Над воспоминаниями Гершун начал работать, как им собственноручно помечено в рукописи, 4 августа 1936 года. В первых же строках он определил цели своего труда, так же как мотивы, побудившие его взяться за воспоминания:
Я пишу не для печати. В условиях эмигрантской жизни печатать эту толстую тетрадь, которую я собираюсь заполнить, негде и некому. Я пишу под давлением воспоминаний, от которых я не могу иначе освободиться. Они теснятся в моей памяти, рвутся наружу, не дают мне покоя. Надо перестать вспоминать прошлое, чтобы спокойно переносить настоящее. Я пишу для той адвокатуры, которая в России еще должна прийти. Я когда-то писал: «Она не имеет настоящего, ибо не может почитаться адвокатурой то „сословие“ зависимых от администрации, не обладающих свободой слова правозаступников, которые теперь заменяют старую русскую адвокатуру, созданную Судебными уставами. Но русская адвокатура имеет будущее», — ибо не всегда останется Россия под властию диктатуры, и не мыслится свободная демократическая Россия — без свободной, независимой адвокатуры.

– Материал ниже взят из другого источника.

(* Every $1$-perfect orientation of a connected graph has at most one sink.
   Context: An orientation of a graph $G$ is $1$-perfect if for every vertex $v$ the out-neighborhood of $v$ is a clique in $G$. A sink is a vertex of out-degree $0$. *)

From mathcomp Require Import all_boot.
Set Implicit Arguments. Unset Strict Implicit. Unset Printing Implicit Defensive.

Definition simple_graph (T : finType) (e : rel T) : Prop :=
  symmetric e /\ irreflexive e.

Definition connected_graph (T : finType) (e : rel T) : Prop :=
  forall x y : T, connect e x y.

Definition orientation (T : finType) (e o : rel T) : Prop :=
  (forall x y, o x y -> e x y) /\
  (forall x y, e x y -> (o x y (+) o y x)).

Definition out_nbhd (T : finType) (o : rel T) (v : T) : {set T} :=
  [set w | o v w].

Definition is_clique (T : finType) (e : rel T) (A : {set T}) : Prop :=
  forall u w, u \in A -> w \in A -> u != w -> e u w.

Definition one_perfect (T : finType) (e o : rel T) : Prop :=
  orientation e o /\ forall v, is_clique e (out_nbhd o v).

Definition sink (T : finType) (o : rel T) (v : T) : Prop :=
  #|out_nbhd o v| = 0.

(* Fix a sink u. The vertices with a directed path to u are closed under
   adjacency: if x reaches u through its out-neighbour x' and y is another
   neighbour of x, then either y -> x, or y and x' are both out-neighbours
   of x, hence adjacent, and y is handled by induction on the path from x'.
   By connectivity every vertex, in particular every other sink v, reaches u;
   but a sink reaches only itself. *)

From mathcomp Require Import all_boot.

Set Implicit Arguments.
Unset Strict Implicit.
Unset Printing Implicit Defensive.

Section Sinks.

Variables (T : finType) (o : rel T).

Lemma sink_arcF v w : sink o v -> o v w = false.
Proof. by move/card0_eq/(_ w); rewrite inE. Qed.

Lemma connect_from_sink v w : sink o v -> connect o v w -> w = v.
Proof.
move=> sink_v /connectP[[|x p] /= p_path ->] //.
by move: p_path; rewrite sink_arcF.
Qed.

Variable e : rel T.
Hypothesis perfect : one_perfect e o.

Lemma one_perfect_connect_sink u x y :
  sink o u -> e x y -> connect o x u -> connect o y u.
Proof.
case: perfect => -[_ oriented] out_clique sink_u exy /connectP[p].
elim: p x exy => [|x' p IHp] x exy /=.
  move=> _ u_x; move: exy; rewrite -u_x => /oriented.
  by rewrite (sink_arcF y sink_u) /= => /connect1.
case/andP=> oxx' x'_path u_last.
have x'_u : connect o x' u by apply/connectP; exists p.
have [oyx|/negbTE noyx] := boolP (o y x).
  exact: connect_trans (connect1 oyx) (connect_trans (connect1 oxx') x'_u).
have oxy : o x y by move/oriented: exy; rewrite noyx addbF.
have [<- //|x'_ne_y] := eqVneq x' y.
apply: IHp x'_path u_last.
by apply: (out_clique x) x'_ne_y; rewrite inE.
Qed.

End Sinks.

Theorem lemma2p9 (T : finType) (e o : rel T) :
  simple_graph e -> connected_graph e -> one_perfect e o ->
  forall u v : T, sink o u -> sink o v -> u = v.
Proof.
move=> [sym_e _] conn perfect u v sink_u sink_v.
have sym_conn := sym_connect_sym sym_e.
have closed_reach_u : closed e [pred x | connect o x u].
  apply: (intro_closed sym_conn) => x y exy; rewrite !inE.
  exact: (one_perfect_connect_sink perfect sink_u exy).
have v_u : connect o v u.
  have := closed_connect closed_reach_u (conn u v).
  by rewrite !inE connect0 => <-.
exact: connect_from_sink sink_v v_u.
Qed.
Lemma ps_addA : associative ps_add.
Proof. by move=> f g h; apply/funext=> n; rewrite /ps_add addrA. Qed.
Lemma ps_addC : commutative ps_add.
Proof. by move=> f g; apply/funext=> n; rewrite /ps_add addrC. Qed.
Lemma ps_add0 : left_id ps_zero ps_add.
Proof. by move=> f; apply/funext=> n; rewrite /ps_add /ps_zero add0r. Qed.
Lemma ps_addN : left_inverse ps_zero (@ps_opp K) ps_add.
Proof. by move=> f; apply/funext=> n; rewrite /ps_add /ps_zero /ps_opp addNr. Qed.

HB.instance Definition _ := gen_eqMixin (ps K).
HB.instance Definition _ := gen_choiceMixin (ps K).
HB.instance Definition _ :=
  GRing.isZmodule.Build (ps K) ps_addA ps_addC ps_add0 ps_addN.

Definition ps_trunc (m : nat) f : {poly K} := \poly_(i < m.+1) f i.

Lemma coef_ps_trunc m f i : (i <= m)%N -> (ps_trunc m f)`_i = f i.
Proof. by move=> im; rewrite coef_poly ltnS im. Qed.

(* The Cauchy product agrees with the polynomial product of any truncation
   beyond the index, which transports the ring laws from [{poly K}]. *)
Lemma ps_mul_trunc m f g n :
  (n <= m)%N -> ps_mul f g n = (ps_trunc m f * ps_trunc m g)`_n.
Proof.
move=> nm; rewrite coefM; apply: eq_bigr => -[i /= ltin] _.
have le_im : (i <= m)%N by rewrite (leq_trans _ nm) // -ltnS.
by rewrite !coef_ps_trunc // (leq_trans (leq_subr _ _) nm).
Qed.

Lemma ps_mulC : commutative (@ps_mul K).
Proof. by move=> f g; apply/funext=> n; rewrite !(ps_mul_trunc _ _ (leqnn n)) mulrC. Qed.

Lemma ps_mulA : associative (@ps_mul K).
Proof.
move=> f g h; apply/funext=> n.
transitivity ((ps_trunc n f * (ps_trunc n g * ps_trunc n h))`_n).
  rewrite coefM; apply: eq_bigr => -[i /= lt_in] _.
  by rewrite (ps_mul_trunc _ _ (leq_subr i n)) coef_ps_trunc.
rewrite mulrA coefM; apply: eq_bigr => -[i /=]; rewrite ltnS => le_in _.
by rewrite (ps_mul_trunc _ _ le_in) coef_ps_trunc // leq_subr.
Qed.

Lemma ps_mulDl : left_distributive (@ps_mul K) ps_add.
Proof.
move=> f g h; apply/funext=> n; rewrite /ps_add /ps_mul -big_split /=.
by apply: eq_bigr => i _; rewrite mulrDl.
Qed.

Lemma ps_mul1 : left_id (@ps_one K) (@ps_mul K).
Proof.
move=> f; apply/funext=> n; rewrite /ps_mul big_ord_recl /ps_one /= mul1r subn0.
by rewrite big1 ?addr0 // => i _; rewrite mul0r.
Qed.

Lemma ps_one_neq0 : ps_one K != 0.
Proof.
apply/eqP => /(congr1 (fun f : ps K => f 0%N)) /eqP.
by rewrite /ps_one oner_eq0.
Qed.

HB.instance Definition _ := GRing.Zmodule_isComNzRing.Build (ps K)
  ps_mulA ps_mulC ps_mul1 ps_mulDl ps_one_neq0.

Lemma coef_psD f g n : (f + g) n = f n + g n. Proof. by []. Qed.
Lemma coef_psN f n : (- f) n = - f n. Proof. by []. Qed.
Lemma coef_psB f g n : (f - g) n = f n - g n. Proof. by []. Qed.
Lemma coef_ps1 n : (1 : ps K) n = (n == 0)%:R. Proof. by []. Qed.
Lemma coef_psM f g n : (f * g) n = \sum_(i < n.+1) f i * g (n - i)%N.
Proof. by []. Qed.
Lemma ps_expE f k : ps_exp f k = f ^+ k.
Proof. by elim: k => // k IH; rewrite exprS -IH. Qed.
(* There exist constants $C>0$ and $n_0$ such that for every $n\ge n_0$ and every assignment $x:V\to\{-1,1\}$ with $x_{-\mathbf v}=-x_{\mathbf v}$ for all $\mathbf v\in V$, the total weight of clauses of $\Phi_n$ satisfied by $x$ is at most $\frac{3(\sqrt{21}-4)}{2}+\frac{C}{n}$.
   Context: Let $\mathbf e_1,\dots,\mathbf e_n$ be the standard basis of $\mathbb R^n$ and $V=\{\frac{1}{\sqrt3}(b_1\mathbf e_i+b_2\mathbf e_j+b_3\mathbf e_k): b_1,b_2,b_3\in\{-1,1\},\ 1\le i<j<k\le n\}$. To each $\mathbf v\in V$ associate a Boolean variable $x_{\mathbf v}\in\{-1,1\}$, with the identification $x_{-\mathbf v}=-x_{\mathbf v}$. $\mathrm{NAE}(y_1,\dots,y_k)$ is satisfied iff not all $y_i$ are equal. $\mathcal C_3$ is the set of clauses $\mathrm{NAE}(x_{\mathbf v_1},x_{\mathbf v_2},x_{\mathbf v_3})$ with $\mathbf v_1=\frac{1}{\sqrt3}(s_1\mathbf e_{i_1}-s_2\mathbf e_{i_2}+s_4\mathbf e_{i_4})$, $\mathbf v_2=\frac{1}{\sqrt3}(s_2\mathbf e_{i_2}-s_3\mathbf e_{i_3}+s_5\mathbf e_{i_5})$, $\mathbf v_3=\frac{1}{\sqrt3}(s_3\mathbf e_{i_3}-s_1\mathbf e_{i_1}+s_6\mathbf e_{i_6})$ for distinct indices $i_1,\dots,i_6\in[n]$ and signs $s_1,\dots,s_6\in\{-1,1\}$. $\mathcal C_5$ is the set of clauses $\mathrm{NAE}(x_{\mathbf v_1},\dots,x_{\mathbf v_5})$ with $\mathbf v_j=\frac{1}{\sqrt3}(s_1\mathbf e_{i_1}+s_{2j}\mathbf e_{i_{2j}}+s_{2j+1}\mathbf e_{i_{2j+1}})$ for $j\in\{1,2,3,4\}$ and $\mathbf v_5=\frac{1}{\sqrt3}(s_{10}\mathbf e_{i_{10}}+s_{11}\mathbf e_{i_{11}}+s_{12}\mathbf e_{i_{12}})$ for distinct indices $i_1,\dots,i_{12}\in[n]$ and signs $s_1,\dots,s_{12}\in\{-1,1\}$. $\Phi_n$ is the MAX NAE-SAT instance on variables $\{x_{\mathbf v}\}$ with clause set $\mathcal C_3\cup\mathcal C_5$, where each clause of $\mathcal C_3$ has weight $\frac{1-3/\sqrt{21}}{|\mathcal C_3|}$ and each clause of $\mathcal C_5$ has weight $\frac{3}{\sqrt{21}\,|\mathcal C_5|}$ (total weight $1$). *)

From HB Require Import structures.
From mathcomp Require Import all_boot all_order all_algebra.
From mathcomp Require Import reals.
Set Implicit Arguments. Unset Strict Implicit. Unset Printing Implicit Defensive.
Import Order.TTheory GRing.Theory Num.Theory.
Local Open Scope ring_scope.

(* A vector (1/sqrt 3)(b1 e_i + b2 e_j + b3 e_k) of V is encoded by its
   integer coefficient vector b1 e_i + b2 e_j + b3 e_k (the common factor
   1/sqrt 3 is dropped; this encoding is injective). *)
Definition vec (n : nat) := {ffun 'I_n -> int}.

Definition inV (n : nat) (v : vec n) : bool :=
  (#|[set i | v i != 0]| == 3)%N && [forall i, (v i == 0) || (v i == 1) || (v i == -1)].

Definition negv (n : nat) (v : vec n) : vec n := [ffun t => - v t].

Definition mkv3 (n : nat) (i j k : 'I_n) (a b c : int) : vec n :=
  [ffun t => (if t == i then a else 0) + (if t == j then b else 0)
            + (if t == k then c else 0)].

Definition sg (b : bool) : int := if b then 1 else -1.

(* an assignment: x v = true means x_v = 1, false means x_v = -1 *)
Definition assignment (n : nat) := vec n -> bool.

Definition nae (s : seq bool) : bool := ~~ constant s.


Definition params (n k : nat) := ({ffun 'I_k -> 'I_n} * {ffun 'I_k -> bool})%type.

Definition C3 (n : nat) : {set params n 6} := [set p : params n 6 | injectiveb p.1].
Definition C5 (n : nat) : {set params n 12} := [set p : params n 12 | injectiveb p.1].

(* 0-based: index a (1-based) is stored at position a-1 *)
Definition clause3 (n : nat) (p : params n 6) : seq (vec n) :=
  let i (a : nat) := p.1 (inord a.-1) in
  let s (a : nat) := sg (p.2 (inord a.-1)) in
  [:: mkv3 (i 1) (i 2) (i 4) (s 1) (- s 2) (s 4);
      mkv3 (i 2) (i 3) (i 5) (s 2) (- s 3) (s 5);
      mkv3 (i 3) (i 1) (i 6) (s 3) (- s 1) (s 6)].

Definition clause5 (n : nat) (p : params n 12) : seq (vec n) :=
  let i (a : nat) := p.1 (inord a.-1) in
  let s (a : nat) := sg (p.2 (inord a.-1)) in
  [seq mkv3 (i 1) (i (2 * j)) (i (2 * j + 1)) (s 1) (s (2 * j)) (s (2 * j + 1))
      | j <- [:: 1; 2; 3; 4]%N] ++
  [:: mkv3 (i 10) (i 11) (i 12) (s 10) (s 11) (s 12)].

Definition satisfied (n : nat) (x : assignment n) (c : seq (vec n)) : bool :=
  nae [seq x v | v <- c].

Definition w3 {R : realType} : R := 1 - 3 / Num.sqrt 21.
Definition w5 {R : realType} : R := 3 / Num.sqrt 21.

Definition satWeight (R : realType) (n : nat) (x : assignment n) : R :=
  \sum_(p in C3 n | satisfied x (clause3 p)) (w3 / #|C3 n|%:R)
  + \sum_(p in C5 n | satisfied x (clause5 p)) (w5 / #|C5 n|%:R).

From HB Require Import structures.
From mathcomp Require Import all_boot all_order all_algebra.
From mathcomp Require Import reals.
From mathcomp Require Import ring lra zify.
Import Order.TTheory GRing.Theory Num.Theory.
Local Open Scope ring_scope.

Set Implicit Arguments. Unset Strict Implicit. Unset Printing Implicit Defensive.

(* Write s(v) = +-1 for the value of x_v.  Let a be the average of s(v) s(w) over pairs of
   vectors of V meeting in exactly one coordinate, with the same sign there, and A the average
   of s(v1) s(v2) s(v3) s(v4) over four such vectors through a common coordinate.  In a
   3-clause, consecutive vectors share a coordinate with opposite signs, so by oddness of x
   their literals have average product -a and a random 3-clause is satisfied with probability
   3 (1 + a) / 4.  Flipping the last vector of a 5-clause negates its literal, so a 5-clause is
   violated with half the probability that its first four literals agree; expanding that
   event in spins, a random 5-clause is satisfied with probability (15 - 6 a - A) / 16.
   Grouping the quadruples by their common coordinate, Cauchy-Schwarz gives
   A >= a^2 - O(1/n), the error coming from quadruples that are not disjoint.  Finally
   w3 3 (1 + a) / 4 + w5 (15 - 6 a - a^2) / 16 is maximal at a = 2 sqrt 21 - 9, where it
   equals 3 (sqrt 21 - 4) / 2. *)

Section FfunCat.
Variable T : Type.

Рукопись Гершун предполагал передать в Пражский архив. 16 октября 1939 года он писал А. А. Гольденвейзеру:
Чтобы чем-либо заняться, я пока перечитываю и исправляю написанные мной за последние три года «Воспоминания русского адвоката» за время с 1894 по 1918 год. Всего 1000 страниц большого формата убористого шрифта. Воспоминания касаются всего того, что я видел и пережил как сенатский чиновник и адвокат, а также характеристики адвокатского Олимпа, его представителей и богов меньшего калибра. Написано не для печати, а для будущего историка адвокатуры, который «найдет мой труд усердный» и, отряхнув пыль десятилетий, использует его для своей работы[39].
Возможно, именно то, что Гершун не предназначал воспоминания для печати, обусловило свободу, с которой они написаны. Таким образом, тетрадь разрослась до текста, по словам его автора, объемом 1000 страниц. Возможно, это «фигура речи». Во всяком случае, в фонде Гершуна в Бахметевском архиве при Колумбийском университете находится рукопись (листы в самом деле большого формата) объемом свыше 840 страниц. Неясно также, что Гершун понимал под шрифтом, ибо рукопись — автограф, а почерк Гершуна в самом деле был убористым. Небольшие фрагменты воспоминаний, отобранные и подготовленные к печати Гольденвейзером, как говорилось выше, увидели свет в «Новом журнале» (1955, кн. 43) под названием «Воспоминания адвоката».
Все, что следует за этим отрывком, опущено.